# Aim of the task
Below are some records. Return exactly the lines from the one containing "by field_simplify; lra." through the one containing "have hw j : Rabs (h * w j) < del.", both included, and only those.

# # # # # # #

(* Let $\mathcal F$ be a Finsler function on $\mathbb R^n$, and let $((x^i),(y^i))$ be the coordinates on $T\mathbb R^n$ induced by the canonical coordinates of $\mathbb R^n$. Then $(\mathbb R^n,\mathcal F)$ is a Minkowski space (i.e. $\mathcal F(p,v)$ does not depend on $p$) if and only if $$\frac{\partial^2\mathcal F^2}{\partial x^k\partial y^i}\,y^k=\frac12\,\frac{\partial^2\mathcal F^2}{\partial x^i\partial y^k}\,y^k,\qquad i=1,\dots,n,$$ holds on $\mathbb R^n\times(\mathbb R^n\setminus\{0\})$.
   Context: A Finsler function on $\mathbb R^n$ is $\mathcal F\colon\mathbb R^n\times\mathbb R^n\to\mathbb R$ smooth and positive on $\{(p,v):v\neq0\}$, positively $1$-homogeneous in $v$, and strongly convex ($\partial^2\mathcal F^2/\partial y^i\partial y^j$ positive definite for $v\ne0$). Summation over repeated indices. *)

From Stdlib Require Import Reals ClassicalEpsilon.
From mathcomp Require Import ssreflect ssrfun ssrbool eqtype ssrnat seq fintype bigop.
Set Implicit Arguments.
Unset Strict Implicit.

Local Open Scope R_scope.

Definition vec (n : nat) := 'I_n -> R.
(* Points of T R^n = R^n x R^n, coordinates ((x^i),(y^i)) *)
Definition pt (n : nat) := (vec n * vec n)%type.
(* Coordinate directions: inl i = x^i, inr i = y^i *)
Definition dir (n : nat) := ('I_n + 'I_n)%type.

Definition coord n (z : pt n) (d : dir n) : R :=
  match d with inl i => z.1 i | inr i => z.2 i end.

Definition upd n (z : pt n) (d : dir n) (t : R) : pt n :=
  match d with
  | inl i => (fun j => if j == i then t else z.1 j, z.2)
  | inr i => (z.1, fun j => if j == i then t else z.2 j)
  end.

Definition pder n (g : pt n -> R) (d : dir n) (z : pt n) : R :=
  epsilon (inhabits 0)
    (fun l => derivable_pt_lim (fun t => g (upd z d t)) (coord z d) l).

(* Iterated partial derivatives: the head of the list is applied last. *)
Fixpoint ipder n (g : pt n -> R) (l : list (dir n)) : pt n -> R :=
  match l with
  | nil => g
  | d :: l' => pder (ipder g l') d
  end.

Definition continuous_on n (U : pt n -> Prop) (g : pt n -> R) : Prop :=
  forall z, U z -> forall eps, 0 < eps -> exists del, 0 < del /\
    forall w, U w -> (forall d, Rabs (coord w d - coord z d) < del) ->
      Rabs (g w - g z) < eps.

Definition smooth_on n (U : pt n -> Prop) (g : pt n -> R) : Prop :=
  forall (l : list (dir n)),
    continuous_on U (ipder g l) /\
    forall d z, U z ->
      derivable_pt_lim (fun t => ipder g l (upd z d t)) (coord z d)
        (ipder g (d :: l) z).

Definition slit n (z : pt n) : Prop := z.2 <> (fun _ => 0).

Definition uncurry n (F : vec n -> vec n -> R) : pt n -> R := fun z => F z.1 z.2.

Definition Fsq n (F : vec n -> vec n -> R) : pt n -> R := fun z => (F z.1 z.2) ^ 2.

Definition sumI n (f : 'I_n -> R) : R := \big[Rplus/0]_(i < n) f i.

Definition is_finsler n (F : vec n -> vec n -> R) : Prop :=
  smooth_on (@slit n) (uncurry F) /\
  (forall p v, v <> (fun _ => 0) -> 0 < F p v) /\
  (forall p v (lam : R), 0 < lam -> F p (fun i => lam * v i) = lam * F p v) /\
  (forall p v, v <> (fun _ => 0) ->
     forall w : vec n, w <> (fun _ => 0) ->
       0 < sumI (fun i => sumI (fun j =>
             ipder (Fsq F) [:: inr j; inr i] (p, v) * w i * w j))).

Definition is_minkowski n (F : vec n -> vec n -> R) : Prop :=
  forall p q v, F p v = F q v.

(* d^2 F^2 / dx^a dy^b at z, i.e. d/dx^a (dF^2/dy^b) *)
Definition dxdy n (F : vec n -> vec n -> R) (a b : 'I_n) (z : pt n) : R :=
  ipder (Fsq F) [:: inl a; inr b] z.

(* Let S = y^k dF/dx^k.  Since d^2 F^2/dx^a dy^b = 2 (F_{x^a} F_{y^b} + F F_{x^a y^b})
   and, by 1-homogeneity, y^k F_{y^k} = F and y^k F_{x^i y^k} = F_{x^i} (Euler),
   the condition reads  F_{y^i} S + F y^k F_{x^k y^i} = F F_{x^i}.  Contracting
   with y^i gives F S = 0, so S vanishes on the slit bundle.  Differentiating
   S = 0 in y^i and exchanging the mixed partials (Schwarz) gives
   y^k F_{x^k y^i} = - F_{x^i}, hence F F_{x^i} = 0 and F_x = 0 as F > 0; so F
   does not depend on x.  Conversely for a Minkowski F every mixed derivative
   vanishes.  Euler's relation needs a chain rule
   along lines in the fibre, proved by moving one coordinate at a time. *)

From Pilot Require Import Defs.
From Stdlib Require Import Reals Lra ClassicalEpsilon FunctionalExtensionality Classical.
From HB Require Import structures.
From mathcomp Require Import ssreflect ssrfun ssrbool eqtype ssrnat seq fintype bigop.
From Coquelicot Require Import Coquelicot.
Set Implicit Arguments.
Unset Strict Implicit.
Local Open Scope R_scope.

Lemma Rplus_assoc_law : associative Rplus. Proof. by move=> *; ring. Qed.

HB.instance Definition _ :=
  Monoid.isComLaw.Build R 0 Rplus Rplus_assoc_law Rplus_comm Rplus_0_l.
HB.instance Definition _ := Monoid.isMulLaw.Build R 0 Rmult Rmult_0_l Rmult_0_r.
HB.instance Definition _ :=
  Monoid.isAddLaw.Build R Rmult Rplus Rmult_plus_distr_r Rmult_plus_distr_l.

Section FiniteSums.
Variable n : nat.
Implicit Types f g : 'I_n -> R.

Lemma eq_sumI f g : (forall i, f i = g i) -> sumI f = sumI g.
Proof. by move=> fg; apply: eq_bigr => i _. Qed.

Lemma sumI_add f g : sumI (fun i => f i + g i) = sumI f + sumI g.
Proof. exact: big_split. Qed.

Lemma sumI_scal c f : sumI (fun i => c * f i) = c * sumI f.
Proof. by rewrite /sumI big_distrr. Qed.

Lemma sumI_exchange (f : 'I_n -> 'I_n -> R) :
  sumI (fun i => sumI (fun j => f i j)) = sumI (fun j => sumI (fun i => f i j)).
Proof. exact: exchange_big. Qed.

Lemma sumI_exchange_weighted (a b : 'I_n -> R) (f : 'I_n -> 'I_n -> R) :
  sumI (fun i => a i * sumI (fun k => b k * f i k))
  = sumI (fun k => b k * sumI (fun i => a i * f i k)).
Proof.
rewrite (eq_sumI (g := fun i => sumI (fun k => a i * (b k * f i k)))); last first.
  by move=> i; rewrite sumI_scal.
rewrite sumI_exchange; apply: eq_sumI => k; rewrite -sumI_scal; apply: eq_sumI => i; ring.
Qed.

Lemma sumI_delta f i : sumI (fun k => if k == i then f k else 0) = f i.
Proof. by rewrite /sumI (bigD1 i) //= eqxx big1 ?Rplus_0_r // => j /negbTE ->. Qed.

Lemma sumI_ge_term f i : (forall j, 0 <= f j) -> f i <= sumI f.
Proof.
move=> f_ge0; rewrite /sumI (bigD1 i) //= -{1}[f i]Rplus_0_r.
apply: Rplus_le_compat_l; elim/big_ind: _ => // *; lra.
Qed.

Lemma sumI_telescope (u : nat -> R) :
  sumI (fun o : 'I_n => u o.+1 - u o) = u n - u 0%N.
Proof.
rewrite /sumI; elim: n => [|m IH]; first by rewrite big_ord0; ring.
by rewrite big_ord_recr /= IH; ring.
Qed.

Lemma derivable_pt_lim_sumI (f : 'I_n -> R -> R) (l : 'I_n -> R) x :
  (forall k, derivable_pt_lim (f k) x (l k)) ->
  derivable_pt_lim (fun t => sumI (fun k => f k t)) x (sumI l).
Proof.
move=> fl; rewrite /sumI; elim: (index_enum _) => [|a r IH].
  rewrite big_nil; apply: (derivable_pt_lim_ext (fun _ => 0)).
    by move=> t; rewrite big_nil.
  exact: derivable_pt_lim_const.
rewrite big_cons; apply: (derivable_pt_lim_ext (fun t => f a t + \big[Rplus/0]_(k <- r) f k t)).
  by move=> t; rewrite big_cons.
exact: derivable_pt_lim_plus.
Qed.

End FiniteSums.

Section Coordinates.
Variable n : nat.
Implicit Types (z : pt n) (d : dir n).

Lemma upd_upd z d a b : upd (upd z d a) d b = upd z d b.
Proof.
by case: d => i /=; congr pair; apply: functional_extensionality => j; case: (j == i).
Qed.

Lemma coord_upd z d t : coord (upd z d t) d = t.
Proof. by case: d => i /=; rewrite eqxx. Qed.

Lemma upd_coord z d : upd z d (coord z d) = z.
Proof.
case: z => x y; case: d => i /=; congr pair;
  by apply: functional_extensionality => j; case: eqP => [->|].
Qed.

Lemma slit_nbhd z : slit z -> exists del, 0 < del /\
  forall w : pt n, (forall j, Rabs (w.2 j - z.2 j) < del) -> slit w.
Proof.
move=> z_slit; have [j zj_neq0] : exists j, z.2 j <> 0.
  apply: NNPP => all0; apply: z_slit; apply: functional_extensionality => j.
  by apply: NNPP => zj; apply: all0; exists j.
exists (Rabs (z.2 j)); split; first exact: Rabs_pos_lt.
move=> w near_wz w0; have := near_wz j; rewrite w0 /= Rminus_0_l Rabs_Ropp; lra.
Qed.

Definition mixv (m : nat) (a b : vec n) : vec n :=
  fun j => if (j < m)%N then b j else a j.

Lemma mixv0 a b : mixv 0 a b = a.
Proof. by apply: functional_extensionality => j; rewrite /mixv ltn0. Qed.

Lemma mixvn a b : mixv n a b = b.
Proof. by apply: functional_extensionality => j; rewrite /mixv ltn_ord. Qed.

Lemma mixv_at a b (o : 'I_n) : mixv o a b o = a o.
Proof. by rewrite /mixv ltnn. Qed.

Lemma mixvS a b (o : 'I_n) :
  mixv o.+1 a b = fun j => if j == o then b o else mixv o a b j.
Proof.
apply: functional_extensionality => j; rewrite /mixv ltnS leq_eqVlt.
case: (j =P o) => [->|ne_jo]; first by rewrite eqxx.
by have /negbTE-> : val j != val o by apply/eqP => /val_inj.
Qed.

Lemma upd_mixvS_r (x a b : vec n) (o : 'I_n) :
  upd (x, mixv o a b) (inr o) (b o) = (x, mixv o.+1 a b).
Proof. by rewrite mixvS. Qed.

Lemma upd_mixvS_l (y a b : vec n) (o : 'I_n) :
  upd (mixv o a b, y) (inl o) (b o) = (mixv o.+1 a b, y).
Proof. by rewrite mixvS. Qed.

Lemma upd_mixv_at_r (x a b : vec n) (o : 'I_n) :
  upd (x, mixv o a b) (inr o) (a o) = (x, mixv o a b).
Proof. by rewrite -[in a o](mixv_at a b) (upd_coord (x, _) (inr o)). Qed.

Lemma upd_mixv_at_l (y a b : vec n) (o : 'I_n) :
  upd (mixv o a b, y) (inl o) (a o) = (mixv o a b, y).
Proof. by rewrite -[in a o](mixv_at a b) (upd_coord (_, y) (inl o)). Qed.

Lemma sumI_mixv_telescope (u : vec n -> R) a b :
  u b = u a + sumI (fun o : 'I_n => u (mixv o.+1 a b) - u (mixv o a b)).
Proof. by rewrite (@sumI_telescope n (fun m => u (mixv m a b))) mixv0 mixvn; ring. Qed.

End Coordinates.

Lemma pder_eq n (g : pt n -> R) d z l :
  derivable_pt_lim (fun t => g (upd z d t)) (coord z d) l -> pder g d z = l.
Proof.
move=> gl; apply: (uniqueness_limite _ _ _ _ _ gl).
exact: (epsilon_spec (inhabits 0) (fun l => derivable_pt_lim _ _ l) (ex_intro _ l gl)).
Qed.

Lemma derivable_pt_lim_sqr (f : R -> R) x l : derivable_pt_lim f x l ->
  derivable_pt_lim (fun t => f t ^ 2) x (2 * f x * l).
Proof.
move=> fl; apply: (derivable_pt_lim_ext (fun t => f t * f t)); first by move=> t; ring.
by have := derivable_pt_lim_mult _ _ _ _ _ fl fl; congr derivable_pt_lim; ring.
Qed.

Lemma derivable_pt_lim_ext_loc (f g : R -> R) x l eta : 0 < eta ->
  (forall t, Rabs (t - x) < eta -> f t = g t) ->
  derivable_pt_lim f x l -> derivable_pt_lim g x l.
Proof.
move=> eta_gt0 fg /is_derive_Reals fl; apply/is_derive_Reals.
by apply: is_derive_ext_loc fl; exists (mkposreal _ eta_gt0) => t; apply: fg.
Qed.

Lemma derivable_pt_lim0_const (f : R -> R) a b :
  (forall t, derivable_pt_lim f t 0) -> f b = f a.
Proof.
move=> f'0; have bound : Rabs (f b - f a) <= 0 * Rabs (b - a).
  apply: (@bounded_variation f (fun _ => 0)) => t _.
  by split; [apply/is_derive_Reals | rewrite Rabs_R0; lra].
rewrite Rmult_0_l in bound; apply: Rminus_diag_uniq; apply: Rabs_eq_0.
exact: Rle_antisym bound (Rabs_pos _).
Qed.

(* The mean value inequality applied to [s |-> f h s - L s]. *)
Lemma derivable_pt_lim_increment (f f' : R -> R -> R) x0 a L :
  (forall eps, 0 < eps -> exists del, 0 < del /\
     forall h s, Rabs h < del -> Rabs (s - x0) <= Rabs (h * a) ->
       derivable_pt_lim (f h) s (f' h s) /\ Rabs (f' h s - L) < eps) ->
  derivable_pt_lim (fun h => f h (x0 + h * a) - f h x0) 0 (a * L).
Proof.
move=> slopes eps eps_gt0.
have D_gt0 : 0 < eps / (Rabs a + 1) by apply: Rdiv_lt_0_compat => //; have := Rabs_pos a; lra.
have [del [del_gt0 near]] := slopes _ D_gt0.
exists (mkposreal _ del_gt0) => h h_neq0 /= h_lt.
rewrite Rplus_0_l Rmult_0_l Rplus_0_r Rminus_diag Rminus_0_r.
have bound : Rabs (f h (x0 + h * a) - L * (x0 + h * a) - (f h x0 - L * x0))
             <= eps / (Rabs a + 1) * Rabs (x0 + h * a - x0).
  apply: (@bounded_variation (fun s => f h s - L * s) (fun s => f' h s - L)) => t.
  have -> : x0 + h * a - x0 = h * a by ring.
  move=> /(near h t h_lt) [ft ft_lt].
  split; last lra.
  apply/is_derive_Reals; apply: derivable_pt_lim_minus => //.
  by have := derivable_pt_lim_scal _ L _ _ (derivable_pt_lim_id t); rewrite Rmult_1_r.
move: bound; have -> : x0 + h * a - x0 = h * a by ring.
have -> : f h (x0 + h * a) - L * (x0 + h * a) - (f h x0 - L * x0)
        = h * ((f h (x0 + h * a) - f h x0) / h - a * L) by field.
rewrite !Rabs_mult => bound.
have h_pos : 0 < Rabs h by apply: Rabs_pos_lt.
have bound' : Rabs ((f h (x0 + h * a) - f h x0) / h - a * L) <= eps / (Rabs a + 1) * Rabs a by nra.
apply: Rle_lt_trans bound' _.
have a_ge0 := Rabs_pos a.
apply: (Rmult_lt_reg_r (Rabs a + 1)); first lra.
by field_simplify; lra.
Qed.

Lemma shift_mixv_near n (z : pt n) (w : vec n) (o : 'I_n) del : 0 < del ->
  exists eta, 0 < eta /\ forall h s, Rabs h < eta -> Rabs (s - z.2 o) <= Rabs (h * w o) ->
    forall d, Rabs (coord (upd (z.1, mixv o z.2 (fun j => z.2 j + h * w j)) (inr o) s) d
                    - coord z d) < del.
Proof.
move=> del_gt0; pose M := 1 + sumI (fun j => Rabs (w j)).
have w_lt j : Rabs (w j) < M.
  by have := @sumI_ge_term _ (fun j => Rabs (w j)) j (fun i => Rabs_pos _); rewrite /M; lra.
have M_gt0 : 0 < M by have := w_lt o; have := Rabs_pos (w o); lra.
exists (del / M); split=> [|h s h_lt s_near]; first exact: Rdiv_lt_0_compat.
have hM : Rabs h * M < del by exact/Rlt_div_r.
have hw j : Rabs (h * w j) < del.
  by rewrite Rabs_mult; have := Rabs_pos h; have := w_lt j; nra.
have h_ge0 := Rabs_pos h.
case=> j /=; first by rewrite Rminus_diag Rabs_R0.
case: eqP => [->|_]; first by have := hw o; lra.
rewrite /mixv; case: (j < o)%N; last by rewrite Rminus_diag Rabs_R0.
by rewrite Rplus_minus_l.
Qed.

# # # # # # #

# Your solution
by field_simplify; lra.
Qed.

Lemma shift_mixv_near n (z : pt n) (w : vec n) (o : 'I_n) del : 0 < del ->
  exists eta, 0 < eta /\ forall h s, Rabs h < eta -> Rabs (s - z.2 o) <= Rabs (h * w o) ->
    forall d, Rabs (coord (upd (z.1, mixv o z.2 (fun j => z.2 j + h * w j)) (inr o) s) d
                    - coord z d) < del.
Proof.
move=> del_gt0; pose M := 1 + sumI (fun j => Rabs (w j)).
have w_lt j : Rabs (w j) < M.
  by have := @sumI_ge_term _ (fun j => Rabs (w j)) j (fun i => Rabs_pos _); rewrite /M; lra.
have M_gt0 : 0 < M by have := w_lt o; have := Rabs_pos (w o); lra.
exists (del / M); split=> [|h s h_lt s_near]; first exact: Rdiv_lt_0_compat.
have hM : Rabs h * M < del by exact/Rlt_div_r.
have hw j : Rabs (h * w j) < del.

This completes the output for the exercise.